**What you need to do**
For the records that follow, work out how many lines include "From" and give only that count.

Stored data entries:
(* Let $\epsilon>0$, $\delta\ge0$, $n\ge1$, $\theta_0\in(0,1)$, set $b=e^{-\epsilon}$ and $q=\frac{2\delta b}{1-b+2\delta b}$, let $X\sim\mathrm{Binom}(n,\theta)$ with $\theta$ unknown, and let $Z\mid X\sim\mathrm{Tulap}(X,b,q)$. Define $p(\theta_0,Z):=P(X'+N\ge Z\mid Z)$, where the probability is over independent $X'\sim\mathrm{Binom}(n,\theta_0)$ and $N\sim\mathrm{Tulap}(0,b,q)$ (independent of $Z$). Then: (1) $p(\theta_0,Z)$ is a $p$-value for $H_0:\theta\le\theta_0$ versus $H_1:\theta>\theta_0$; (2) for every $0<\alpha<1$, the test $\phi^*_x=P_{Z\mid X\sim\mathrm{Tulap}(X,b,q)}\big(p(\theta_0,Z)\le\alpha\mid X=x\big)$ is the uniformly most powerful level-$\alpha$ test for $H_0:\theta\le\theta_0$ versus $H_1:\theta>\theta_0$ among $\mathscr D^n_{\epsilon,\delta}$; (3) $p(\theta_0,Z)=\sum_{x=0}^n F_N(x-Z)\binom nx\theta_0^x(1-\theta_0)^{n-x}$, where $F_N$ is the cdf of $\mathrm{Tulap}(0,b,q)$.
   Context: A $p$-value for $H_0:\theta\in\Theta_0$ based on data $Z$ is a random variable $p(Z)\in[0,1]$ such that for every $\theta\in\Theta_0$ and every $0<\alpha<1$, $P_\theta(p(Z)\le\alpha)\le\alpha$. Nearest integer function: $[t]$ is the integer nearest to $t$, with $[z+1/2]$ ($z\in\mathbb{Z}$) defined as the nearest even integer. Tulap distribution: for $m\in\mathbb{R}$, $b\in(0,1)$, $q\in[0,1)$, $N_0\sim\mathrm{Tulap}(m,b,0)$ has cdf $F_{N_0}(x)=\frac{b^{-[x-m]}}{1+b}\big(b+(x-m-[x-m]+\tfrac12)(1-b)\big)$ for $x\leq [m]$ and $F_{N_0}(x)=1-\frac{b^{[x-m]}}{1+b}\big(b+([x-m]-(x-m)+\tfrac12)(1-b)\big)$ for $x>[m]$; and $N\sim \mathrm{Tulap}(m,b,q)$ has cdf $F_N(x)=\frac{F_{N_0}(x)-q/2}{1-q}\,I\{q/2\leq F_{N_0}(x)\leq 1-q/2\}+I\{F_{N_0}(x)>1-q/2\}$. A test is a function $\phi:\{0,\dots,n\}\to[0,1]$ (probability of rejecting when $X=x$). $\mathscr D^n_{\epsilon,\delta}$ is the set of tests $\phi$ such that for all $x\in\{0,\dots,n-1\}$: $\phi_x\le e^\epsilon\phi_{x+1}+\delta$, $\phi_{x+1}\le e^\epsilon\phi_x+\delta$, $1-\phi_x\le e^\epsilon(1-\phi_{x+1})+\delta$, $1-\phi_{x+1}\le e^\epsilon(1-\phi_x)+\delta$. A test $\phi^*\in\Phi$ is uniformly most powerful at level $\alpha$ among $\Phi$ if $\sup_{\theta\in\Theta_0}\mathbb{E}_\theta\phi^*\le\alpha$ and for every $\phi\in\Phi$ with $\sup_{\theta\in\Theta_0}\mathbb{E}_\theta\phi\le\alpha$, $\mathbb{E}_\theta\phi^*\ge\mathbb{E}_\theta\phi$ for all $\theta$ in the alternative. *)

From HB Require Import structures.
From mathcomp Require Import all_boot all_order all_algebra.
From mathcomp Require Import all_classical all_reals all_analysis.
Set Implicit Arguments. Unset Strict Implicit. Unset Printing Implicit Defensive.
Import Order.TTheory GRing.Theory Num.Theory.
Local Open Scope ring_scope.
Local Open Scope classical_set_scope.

**Written solution**
3